Hawkins’ Hadrosaurus skeleton also has some bearing on a debate of sorts that involves natural history museums today.  Earlier this year, “Thomas H. Benton” (the pen name of William Pannapacker), a professor of English at Hope College, published a piece in The Chronicle of Higher Education entitled Getting Real at Natural-History Museums (July 1, 2010) in which he takes these museums to task for succumbing to the entertainment bug and for mounting displays that contain “fakes.”  Venturing into the Academy of Natural Sciences in Philadelphia with his daughter in search of the real dinosaur skeletons he remembered from his youth, he was dismayed to discover only replicas.  He asserts

Natural-history museums like the [Academy of Natural Sciences] emerged to provide exhibits that were reliably authentic and that could instruct the public and build the credibility of science in a period, like our own, in which pseudoscience had a strong hold on the general imagination.  Of course, the replicas in natural-history museums, unlike [P.T.] Barnum’s humbugs, present authentic science, but, over the last few generation, museums have become more willing to use substitutes in place of real artifacts.  It seemed like a good idea at the time. . . .
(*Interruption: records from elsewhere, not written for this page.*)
Lemma card_links : #|links| = (\sum_(a in I) #|reach a|)%N.
Proof.
rewrite -sum1_card (eq_bigl (fun p => (p.1 \in I) && (p.2 \in reach p.1))).
  rewrite -(pair_big_dep (mem I) (fun a d => d \in reach a) (fun _ _ => 1%N)).
  by apply: eq_bigr => a _; rewrite sum1_card.
by move=> p; rewrite inE.
Qed.

Lemma reach_sub a : a \in I -> reach a \subset D :\ a.
Proof.
move=> aI; apply/subsetP => d; rewrite !inE => /andP[dD _]; rewrite dD andbT.
by apply: contraTneq dD => ->; rewrite (disjointFr I_D aI).
Qed.

Lemma nbh_sub_cnbhs_reach a : a \in I -> nbh e a \subset cnbhs e (reach a).
Proof.
move=> aI; apply/subsetP => u; rewrite inE => eau.
have uI : u \notin I by apply: contraL eau => uI; apply: I_indep.
apply/bigcupP; exists (dominator u); last exact: mem_cnbh_dominator.
rewrite inE dominator_in; apply/exists_inP; exists u => //.
by rewrite /cell (negbTE (notin_I_of_D (dominator_in u))) inE uI eqxx.
Qed.

Hypothesis e_sym : symmetric e.

Lemma le_links_nabla1B : ((#|links|%:R : rat) / #|I :|: D|%:R <= nabla1B e)%R.
Proof.
apply: (le_nabla1B_model e_sym (side := mem I) (br := cell)).
- move=> x xW; rewrite /cell; case: ifPn => xI.
    by rewrite set11 sub1set /cnbh setU11.
  have xD : x \in D by move: xW; rewrite inE (negbTE xI).
  rewrite inE xI dominator_id // eqxx; apply/subsetP => u; rewrite inE.
  by case/andP=> _ /eqP <-; apply: mem_cnbh_dominator.
- move=> x y _ _ xy; rewrite /cell; case: ifPn => xI; case: ifPn => yI.
  + by rewrite disjoints1 inE.
  + by rewrite disjoints1 inE xI.
  + by rewrite disjoint_sym disjoints1 inE yI.
  + rewrite -setI_eq0; apply/eqP/setP => u; rewrite !inE.
    apply/negP => /and3P[/andP[_ /eqP ux] _ /eqP uy].
    by rewrite -ux -uy eqxx in xy.
- move=> [a d]; rewrite !inE /= => /andP[aI /andP[dD /exists_inP[u du eau]]].
  rewrite aI dD orbT notin_I_of_D //=; apply/exists_inP; exists a.
    by rewrite /cell aI set11.
  by apply/exists_inP; exists u.
Qed.

Lemma card_reach_dhat (m : nat) a :
  a \in I -> a \in dhat e D m -> (2 * m <= #|reach a|)%N.
Proof.
move=> aI; rewrite inE => /forallP/(_ (reach a)).
by rewrite reach_sub // nbh_sub_cnbhs_reach //= => /implyP lt_reach; lia.
Qed.

Lemma card_lt_dhat_independent (m : nat) :
  (0 < #|D|)%N -> (nabla1B e < m%:R)%R -> I \subset dhat e D m ->
  (#|I| < #|D|)%N.
Proof.
move=> D_gt0 lt_nabla I_dhat.
have links_ge : (#|I| * (2 * m) <= #|links|)%N.
  rewrite card_links -sum_nat_const; apply: leq_sum => a aI.
  by apply: card_reach_dhat => //; apply: (subsetP I_dhat).
have W_gt0 : (0 < #|I :|: D|)%N.
  by apply: leq_trans D_gt0 (subset_leq_card (subsetUr I D)).
have links_lt : (#|links| < m * #|I :|: D|)%N.
  have := le_links_nabla1B; rewrite ler_pdivrMr ?ltr0n // => le_links.
  by rewrite -(ltr_nat rat) natrM (le_lt_trans le_links) // ltr_pM2r ?ltr0n.
have [W_le _] := leq_card_setU I D; nia.
Qed.

End Dominators.

Section HallRatio.
Variables (T : finType) (e : rel T).

Definition induced_edges (S : {set T}) : {set {set T}} :=
  [set f : {set T} | [&& #|f| == 2, f \subset S &
              [forall x in f, forall y in f, (x != y) ==> e x y]]].

Lemma subgraph_induced (S : {set T}) : subgraphb e S (induced_edges S).
Proof. by apply/forall_inP => f; rewrite inE. Qed.

Lemma indep_induced_nonadjacent (e_sym : symmetric e) (e_irr : irreflexive e) S J :
  indepb S (induced_edges S) J -> {in J &, forall x y, ~~ e x y}.
Proof.
case/andP=> JS /forall_inP J_indep x y xJ yJ; apply/negP => exy.
have xy : x != y by apply: contraTneq exy => ->; rewrite e_irr.
suff /J_indep : [set x; y] \in induced_edges S by rewrite subUset !sub1set xJ yJ.
rewrite inE cards2 xy subUset !sub1set !(subsetP JS) //=.
by apply: forall_set2_neq; rewrite // e_sym.
Qed.

Lemma alpha_lt (S : {set T}) (F : {set {set T}}) (k : nat) : (0 < k)%N ->
  (forall J, indepb S F J -> (#|J| < k)%N) -> (alpha S F < k)%N.
Proof.
move=> k_gt0 lt_k; rewrite -(prednK k_gt0) ltnS.
by apply/bigmax_leqP => J /lt_k J_lt; rewrite -ltnS prednK.
Qed.

Lemma alpha_gt0 S F x : subgraphb e S F -> x \in S -> (0 < alpha S F)%N.
Proof.
move=> /forall_inP SF xS.
suff x_indep : indepb S F [set x].
  by apply: leq_trans (leq_bigmax_cond _ x_indep); rewrite cards1.
rewrite /indepb sub1set xS; apply/forall_inP => f /SF/and3P[/eqP f2 _ _].
by apply/negP => /subset_leq_card; rewrite cards1 f2.
Qed.

Lemma le_hall_ratio S F : subgraphb e S F ->
  ((#|S|%:R : rat) / (alpha S F)%:R <= hall_ratio e)%R.
Proof. by move=> SF; apply: (le_bigmax_cond _ _ (j := (S, F))). Qed.

Lemma hall_ratio_gt0 : (0 < #|T|)%N -> (0 < hall_ratio e)%R.
Proof.
case/card_gt0P=> t _.
have t_sub : subgraphb e [set t] set0 by apply/forall_inP => f; rewrite inE.
apply: lt_le_trans (le_hall_ratio t_sub).
by rewrite cards1 mul1r invr_gt0 ltr0n (alpha_gt0 (x := t)) ?set11.
Qed.

Lemma card_lt_hall_ratio_mul S F (k : nat) : (0 < #|T|)%N ->
  subgraphb e S F -> (alpha S F < k)%N ->
  ((#|S|%:R : rat) < hall_ratio e * k%:R)%R.
Proof.
move=> T_gt0 SF alpha_lt_k.
have k_gt0 : (0 < k)%N by apply: leq_ltn_trans alpha_lt_k.
have [->|[x xS]] := set_0Vmem S.
  by rewrite cards0 mulr_gt0 ?hall_ratio_gt0 ?ltr0n.
have alpha_pos := alpha_gt0 SF xS.
apply: lt_le_trans (ler_wpM2r (ler0n _ _) (le_hall_ratio SF)).
rewrite mulrAC ltr_pdivlMr ?ltr0n // -!natrM ltr_nat ltn_pmul2l //.
by apply/card_gt0P; exists x.
Qed.

End HallRatio.

Theorem lemma3 (T : finType) (e : rel T)
  (e_sym : symmetric e) (e_irr : irreflexive e) (T_nonempty : (0 < #|T|)%N)
  (D : {set T}) (hD : min_dominating e D)
  (nab : int) (hnab : (nabla1B e < nab%:~R)%R) :
  ((#|dhat e D nab :\: D|%:R : rat) < hall_ratio e * (#|D|%:R))%R.
Proof.
have D_dom : dominating e D by case/andP: hD.
have nab_ge0 : (0 <= nab)%R.
  by rewrite -(ler0z rat); apply: ltW (le_lt_trans (nabla1B_ge0 e) hnab).
have [m nabE] : exists m : nat, nab = m by exists `|nab|%N; lia.
rewrite nabE in hnab *; set X := dhat e D m :\: D.
have D_gt0 := dominating_card_gt0 D_dom T_nonempty.
apply: (card_lt_hall_ratio_mul T_nonempty (subgraph_induced e X)).
apply: alpha_lt => // J J_indep.
have JX : J \subset X by case/andP: J_indep.
have J_nonadj := indep_induced_nonadjacent e_sym e_irr J_indep.
apply: (card_lt_dhat_independent D_dom J_nonadj) => //.
- by rewrite disjoints_subset (subset_trans JX) // /X setDE subsetIr.
- exact: hnab.
- exact: subset_trans JX (subsetDl _ _).
Qed.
You could say that a fake skeleton educates as well as a real one, and it surely looks as good for publicity purposes.  But one of the fundamental attractions of natural-history museums – and museums in general – is the aura of authenticity and the power they have to inspire the imagination, particularly for children, in an era that is increasingly characterized by the virtual and the simulated.  That was not true when fossil replicas were first introduced – the changes were made with the best of intentions – but it is surely the case now.
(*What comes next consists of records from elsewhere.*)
(* Let $\Sigma$ be a complete rational polyhedral fan in $\mathbb{R}^n$ with rays $\rho_1,\ldots,\rho_k$ and primitive ray generators $u_1,\ldots,u_k\in\mathbb{Z}^n$, and let $F=[u_1~\cdots~u_k]\in\mathbb{Z}^{n\times k}$. Let $Z\subset\mathbb{C}^k$ be the base locus and $G\subset(\mathbb{C}^* )^k$ the group of the Cox construction (see context). Let $P\in\mathbb{Z}^{k\times k}$, $Q\in\mathbb{Z}^{n\times n}$ be unimodular matrices with $PF^\top Q=\mathrm{diag}(s_1,\ldots,s_n)$ (a $k\times n$ matrix in Smith normal form, all $s_i\neq 0$), let $P'$ be the submatrix of the first $n$ rows and $P''$ the submatrix of the last $k-n$ rows of $P$, and let $W_i\subset\mathbb{C}^*$ be the group of $s_i$-th roots of unity. Then for every $z=(z_1,\ldots,z_k)\in\mathbb{C}^k\setminus Z$, the orbit $G\cdot z=\{(g_1z_1,\ldots,g_kz_k)\mid g\in G\}$ is parametrized by the map $$\Big(\bigoplus_{i=1}^n W_i\Big)\oplus(\mathbb{C}^* )^{k-n}\to\mathbb{C}^k\setminus Z,\qquad (w,\lambda)\mapsto\big(w^{P'_{:,1}}\lambda^{P''_{:,1}}z_1,\ \ldots,\ w^{P'_{:,k}}\lambda^{P''_{:,k}}z_k\big),$$ i.e. $G\cdot z$ is the image of this map.
   Context: Notation: for a vector $v$ and integer vector $a$, $v^a=\prod_j v_j^{a_j}$; $P'_{:,i}$ and $P''_{:,i}$ denote the $i$-th columns of $P'$, $P''$. The base locus is $Z=V_{\mathbb{C}^k}(B)$ where $B\subset\mathbb{C}[x_1,\ldots,x_k]$ is the monomial ideal generated by $\prod_{i:\rho_i\not\subset\sigma}x_i$ for $\sigma$ ranging over the $n$-dimensional cones of $\Sigma$. The group $G$ is $G=\{g\in(\mathbb{C}^* )^k\mid g^{F_{1,:}}=\cdots=g^{F_{n,:}}=1\}$, where $F_{j,:}$ is the $j$-th row of $F$; it acts on $\mathbb{C}^k\setminus Z$ by coordinatewise multiplication. The toric variety $X_\Sigma$ is the quotient of $\mathbb{C}^k\setminus Z$ by $G$ via the toric morphism $\pi$ induced by $F$. *)

(* Complex numbers are modelled as R[i] (mathcomp-real-closed)
   for R : realType (the complete archimedean ordered field, i.e. the reals). *)
From HB Require Import structures.
From mathcomp Require Import all_boot all_order all_algebra.
From mathcomp Require Import reals.
From mathcomp Require Import complex.
Set Implicit Arguments. Unset Strict Implicit. Unset Printing Implicit Defensive.
Import Order.TTheory GRing.Theory Num.Theory.
Local Open Scope ring_scope.

Section Fan.
Variables (R : realType) (n k : nat).
(* F : the n x k integer matrix whose columns are the ray generators u_1..u_k *)
Variable F : 'M[int]_(n, k).

Definition ugen (i : 'I_k) : 'cV[R]_n := map_mx (fun a : int => a%:~R) (col i F).

(* A cone of the fan is encoded by the set sigma of indices of the rays it
   contains; the cone itself is the conic hull of the corresponding u_i. *)
Definition cone (sigma : {set 'I_k}) : 'cV[R]_n -> Prop :=
  fun x => exists a : 'I_k -> R,
    (forall i, 0 <= a i) /\ (forall i, i \notin sigma -> a i = 0) /\
    x = \sum_i a i *: ugen i.

Definition is_face (S C : 'cV[R]_n -> Prop) : Prop :=
  exists m : 'rV[R]_n, (forall x, C x -> 0 <= (m *m x) ord0 ord0) /\
    (forall x, S x <-> (C x /\ (m *m x) ord0 ord0 = 0)).

Definition cone_dim (sigma : {set 'I_k}) : nat :=
  \rank (\matrix_(i < k, j < n) (if i \in sigma then ugen i j ord0 else 0)).

Definition primitive (u : 'cV[int]_n) : Prop :=
  u != 0 /\ forall d : int, (forall j, (d %| u j ord0)%Z) -> `|d| = 1.

Definition complete_fan_with_rays (Sigma : {set {set 'I_k}}) : Prop :=
  (* each cone is encoded by all the rays it contains *)
  (forall sigma, sigma \in Sigma -> forall i, cone sigma (ugen i) -> i \in sigma) /\
  (forall sigma, sigma \in Sigma -> forall x, cone sigma x -> cone sigma (- x) -> x = 0) /\
  (forall sigma, sigma \in Sigma -> forall S, is_face S (cone sigma) ->
     exists2 tau, tau \in Sigma & forall x, cone tau x <-> S x) /\
  (forall sigma tau, sigma \in Sigma -> tau \in Sigma ->
     is_face (fun x => cone sigma x /\ cone tau x) (cone sigma) /\
     is_face (fun x => cone sigma x /\ cone tau x) (cone tau)) /\
  (forall i, [set i] \in Sigma) /\
  (forall i j, (forall x, cone [set i] x <-> cone [set j] x) -> i = j) /\
  (forall sigma, sigma \in Sigma -> cone_dim sigma = 1%N ->
     exists i, forall x, cone sigma x <-> cone [set i] x) /\
  (forall i, primitive (col i F)) /\
  (forall x : 'cV[R]_n, exists2 sigma, sigma \in Sigma & cone sigma x).
End Fan.

Section Cox.
Variables (C : fieldType) (n k : nat) (F : 'M[int]_(n, k)).

Definition mono (l : nat) (v : 'I_l -> C) (a : 'I_l -> int) : C :=
  \prod_j v j ^ a j.

Definition in_base_locus (R : realType) (Sigma : {set {set 'I_k}}) (z : 'I_k -> C) : Prop :=
  forall sigma, sigma \in Sigma -> @cone_dim R n k F sigma = n ->
    \prod_(i | i \notin sigma) z i = 0.

Definition in_G (g : 'I_k -> C) : Prop :=
  (forall i, g i != 0) /\ forall j : 'I_n, mono g (fun i => F j i) = 1.

Definition in_Gorbit (z y : 'I_k -> C) : Prop :=
  exists g, in_G g /\ forall i, y i = g i * z i.
End Cox.

(* Since P is unimodular, h |-> h^P is an automorphism of the torus (K^* )^k,
   so every g in the torus is g = h^P for a unique h. Then g^(F^T) = h^(P F^T),
   and since Q is unimodular this is trivial iff h^(P F^T Q) = h^(diag s) is,
   i.e. iff h_j^(s_j) = 1 for j <= n, the last k - n coordinates of h being
   free. Splitting h = (w, lambda) gives g_i = w^(P'_i) lambda^(P''_i). *)
From HB Require Import structures.
From mathcomp Require Import all_boot all_order all_algebra.
From mathcomp Require Import reals complex.
Import Order.TTheory GRing.Theory Num.Theory.
Local Open Scope ring_scope.
Set Implicit Arguments. Unset Strict Implicit. Unset Printing Implicit Defensive.

Section Monomials.
Variable K : fieldType.

Definition monomap l p (A : 'M[int]_(l, p)) (h : 'I_l -> K) : 'I_p -> K :=
  fun i => mono h (fun j => A j i).

Lemma mono_neq0 l (h : 'I_l -> K) a : (forall j, h j != 0) -> mono h a != 0.
Proof. by move=> h_neq0; apply/prodf_neq0 => j _; rewrite expfz_neq0. Qed.

Lemma mono_single l (h : 'I_l -> K) a i :
  (forall j, j != i -> a j = 0) -> mono h a = h i ^ a i.
Proof.
move=> a0; rewrite /mono (bigD1 i) //= big1 ?mulr1 // => j /a0 ->.
exact: expr0z.
Qed.

Lemma mono_split_ord n m (h : 'I_(n + m) -> K) a :
  mono h a = mono (fun j => h (lshift m j)) (fun j => a (lshift m j)) *
             mono (fun j => h (rshift n j)) (fun j => a (rshift n j)).
Proof. exact: big_split_ord. Qed.

Lemma monomap_neq0 l p (A : 'M[int]_(l, p)) h :
  (forall j, h j != 0) -> forall i, monomap A h i != 0.
Proof. by move=> h_neq0 i; apply: mono_neq0. Qed.

Lemma monomapM l p q (A : 'M[int]_(l, p)) (B : 'M[int]_(p, q)) h :
  (forall j, h j != 0) -> monomap B (monomap A h) =1 monomap (A *m B) h.
Proof.
move=> h_neq0 i; rewrite /monomap /mono.
transitivity (\prod_(j < p) \prod_(r < l) h r ^ (A r j * B j i)).
  apply: eq_bigr => j _.
  rewrite (big_morph (fun x => x ^ B j i) (fun x y => expfzMl x y (B j i)) (exp1rz _ _)).
  by apply: eq_bigr => r _; rewrite exprz_exp.
rewrite exchange_big /=; apply: eq_bigr => r _; rewrite mxE.
have hr_unit : h r \is a GRing.unit by rewrite unitfE.
by rewrite (big_morph (fun x => h r ^ x) (exprzDr hr_unit) (expr0z _)).
Qed.

Lemma monomap_idmx l (h : 'I_l -> K) : monomap 1%:M h =1 h.
Proof.
move=> i; rewrite /monomap (@mono_single _ h _ i) ?mxE ?eqxx ?expr1z //.
by move=> j /negbTE ji; rewrite mxE ji.
Qed.

Lemma monomap_cst1 l p (A : 'M[int]_(l, p)) : monomap A (fun=> 1) =1 (fun=> 1).
Proof. by move=> i; apply: big1 => j _; rewrite exp1rz. Qed.

Lemma eq_monomap l p (A : 'M[int]_(l, p)) h1 h2 :
  h1 =1 h2 -> monomap A h1 =1 monomap A h2.
Proof. by move=> eq_h i; apply: eq_bigr => j _; rewrite eq_h. Qed.

Lemma monomap_eq1_mulmxr l p (A : 'M[int]_(l, p)) (U : 'M[int]_p) h :
  U \in unitmx -> (forall j, h j != 0) ->
  monomap A h =1 (fun=> 1) <-> monomap (A *m U) h =1 (fun=> 1).
Proof.
move=> U_unit h_neq0; split=> hA i.
  by rewrite -monomapM // (eq_monomap _ hA) monomap_cst1.
by rewrite -[A](mulmxK U_unit) -monomapM // (eq_monomap _ hA) monomap_cst1.
Qed.

Lemma monomap_col_split n m p (A : 'M[int]_(n + m, p)) h i :
  monomap A h i = mono (fun j => h (lshift m j)) (fun j => usubmx A j i) *
                  mono (fun j => h (rshift n j)) (fun j => dsubmx A j i).
Proof.
by rewrite /monomap mono_split_ord; congr (_ * _); apply: eq_bigr => j _; rewrite mxE.
Qed.

Lemma in_G_monomap n k (F : 'M[int]_(n, k)) g :
  in_G F g <-> (forall i, g i != 0) /\ monomap F^T g =1 (fun=> 1).
Proof.
have monoF j : monomap F^T g j = mono g (fun i => F j i).
  by apply: eq_bigr => i _; rewrite mxE.
by split=> -[g_neq0 gF]; split=> // j; rewrite ?monoF ?gF // -monoF gF.
Qed.

Lemma monomap_snf n m (s : 'I_n -> int) h j :
  monomap (\matrix_(i < n + m, j < n) (if val i == val j then s j else 0)) h j
  = h (lshift m j) ^ s j.
Proof.
rewrite /monomap (@mono_single _ h _ (lshift m j)) ?mxE ?eqxx //.
move=> i ij; rewrite mxE; case: eqP => // eq_ij.
by case/eqP: ij; apply: ord_inj.
Qed.

Lemma root_unity_neq0 (x : K) (e : int) : e != 0 -> x ^ e = 1 -> x != 0.
Proof.
move=> e_neq0; apply: contra_eq_neq => ->.
by rewrite exp0rz (negbTE e_neq0) eq_sym oner_eq0.
Qed.

End Monomials.

Section CoxOrbits.
Variables (K : fieldType) (n m : nat) (F : 'M[int]_(n, n + m)).
Variables (P : 'M[int]_(n + m)) (Q : 'M[int]_n) (s : 'I_n -> int).
Hypotheses (P_unit : P \in unitmx) (Q_unit : Q \in unitmx).
Hypothesis P_FT_Q :
  P *m F^T *m Q = \matrix_(i < n + m, j < n) (if val i == val j then s j else 0).

Lemma in_G_monomap_snf (h : 'I_(n + m) -> K) : (forall l, h l != 0) ->
  in_G F (monomap P h) <-> forall j, h (lshift m j) ^ s j = 1.
Proof.
move=> h_neq0; rewrite in_G_monomap.
have PF_eq1 : monomap F^T (monomap P h) =1 (fun=> 1) <->
              monomap (P *m F^T *m Q) h =1 (fun=> 1).
  rewrite -monomap_eq1_mulmxr //.
  by split=> hPF i; rewrite ?monomapM // -?monomapM // hPF.
rewrite PF_eq1 P_FT_Q; split=> [[_ hD] j | hs]; first by rewrite -monomap_snf hD.
by split=> [|j]; [apply: monomap_neq0 | rewrite monomap_snf hs].
Qed.

Lemma in_Gorbit_monomap (z y : 'I_(n + m) -> K) :
  in_Gorbit F z y <-> exists h, [/\ forall l, h l != 0,
    forall j, h (lshift m j) ^ s j = 1 & forall i, y i = monomap P h i * z i].
Proof.
split=> [[g [g_G yE]] | [h [h_neq0 hs yE]]]; last first.
  by exists (monomap P h); rewrite in_G_monomap_snf.
have g_neq0 := g_G.1; pose h := monomap (invmx P) g.
have h_neq0 : forall l, h l != 0 by apply: monomap_neq0.
have hP i : monomap P h i = g i by rewrite monomapM // mulVmx // monomap_idmx.
exists h; split=> // [|i]; last by rewrite hP.
apply/in_G_monomap_snf; rewrite // in_G_monomap; split=> [i|j]; first by rewrite hP.
by move: g_G; rewrite in_G_monomap => -[_ gF]; rewrite (eq_monomap _ hP) gF.
Qed.

End CoxOrbits.

Theorem lemma3p1 (R : realType) (n m : nat) (F : 'M[int]_(n, n + m))
  (Sigma : {set {set 'I_(n + m)}})
  (hfan : complete_fan_with_rays R F Sigma)
  (P : 'M[int]_(n + m)) (Q : 'M[int]_n) (s : 'I_n -> int)
  (hP : P \in unitmx) (hQ : Q \in unitmx)
  (hsnf : P *m F^T *m Q = \matrix_(i < n + m, j < n) (if val i == val j then s j else 0))
  (hs : forall j, s j != 0)
  (hs_pos : forall j, 0 < s j)
  (hs_div : forall j j' : 'I_n, (j <= j')%N -> (s j %| s j')%Z)
  (z : 'I_(n + m) -> R[i])
  (hz : ~ in_base_locus F R Sigma z) :
  forall y : 'I_(n + m) -> R[i],
    in_Gorbit F z y <->
    exists (w : 'I_n -> R[i]) (lam : 'I_m -> R[i]),
      (forall j, w j ^ s j = 1) /\ (forall j, lam j != 0) /\
      forall i, y i = mono w (fun j => usubmx P j i) * mono lam (fun j => dsubmx P j i) * z i.
Proof.
move=> y; rewrite (in_Gorbit_monomap hP hQ hsnf); split.
  case=> h [h_neq0 h_roots yE].
  exists (fun j => h (lshift m j)), (fun j => h (rshift n j)).
  by split=> //; split=> // i; rewrite yE monomap_col_split.
case=> w [lam [w_roots [lam_neq0 yE]]].
pose h l := match split l with inl j => w j | inr j => lam j end.
have hl j : h (lshift m j) = w j by rewrite /h (unsplitK (inl _ j)).
have hr j : h (rshift n j) = lam j by rewrite /h (unsplitK (inr _ j)).
exists h; split=> [l | j | i].
- by rewrite /h; case: split => j //; apply: root_unity_neq0 (hs j) (w_roots j).
- by rewrite hl.
- by rewrite yE monomap_col_split; congr (_ * _ * _); apply: eq_bigr => j _;
    rewrite ?hl ?hr.
Qed.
Frankly, I am always suspicious of people who argue that there was once a “golden age” and that we’ve lost our way.  Too often that “golden age” proves to have been a mirage, the reality being nothing like what was remembered.  Clearly, that's the case in this instance.

A wonderful response to “Benton” was penned by Chris, a museum curator, on his blog Prerogative of Harlots (July 26, 2010).  He observes, “When Benton refers to fakes, he’s actually taking about casts – specifically the cast dinosaur skeletons that many museums exhibit in their galleries.”  Why do they do that?  For one thing, there are very few complete fossil skeletons.  Most are exceedingly incomplete.  So even a skeleton of an individual specimen that includes real bones will include many replicas of bone.  Chris points out that the dinosaur “Benton” remembers from his youth at the Academy was a composite, not the “real” thing.  Chris describes the precision behind the creation of casts, a process producing something that is

as close to the fossil as it’s possible to get without actually owning it.  Casts are heavily used in paleontology because of the scarcity of fossil specimens – they are exchanged between museums and sent out on loan to researchers.  We assign them catalog numbers and treat them in the same way as we would treat any museum specimen.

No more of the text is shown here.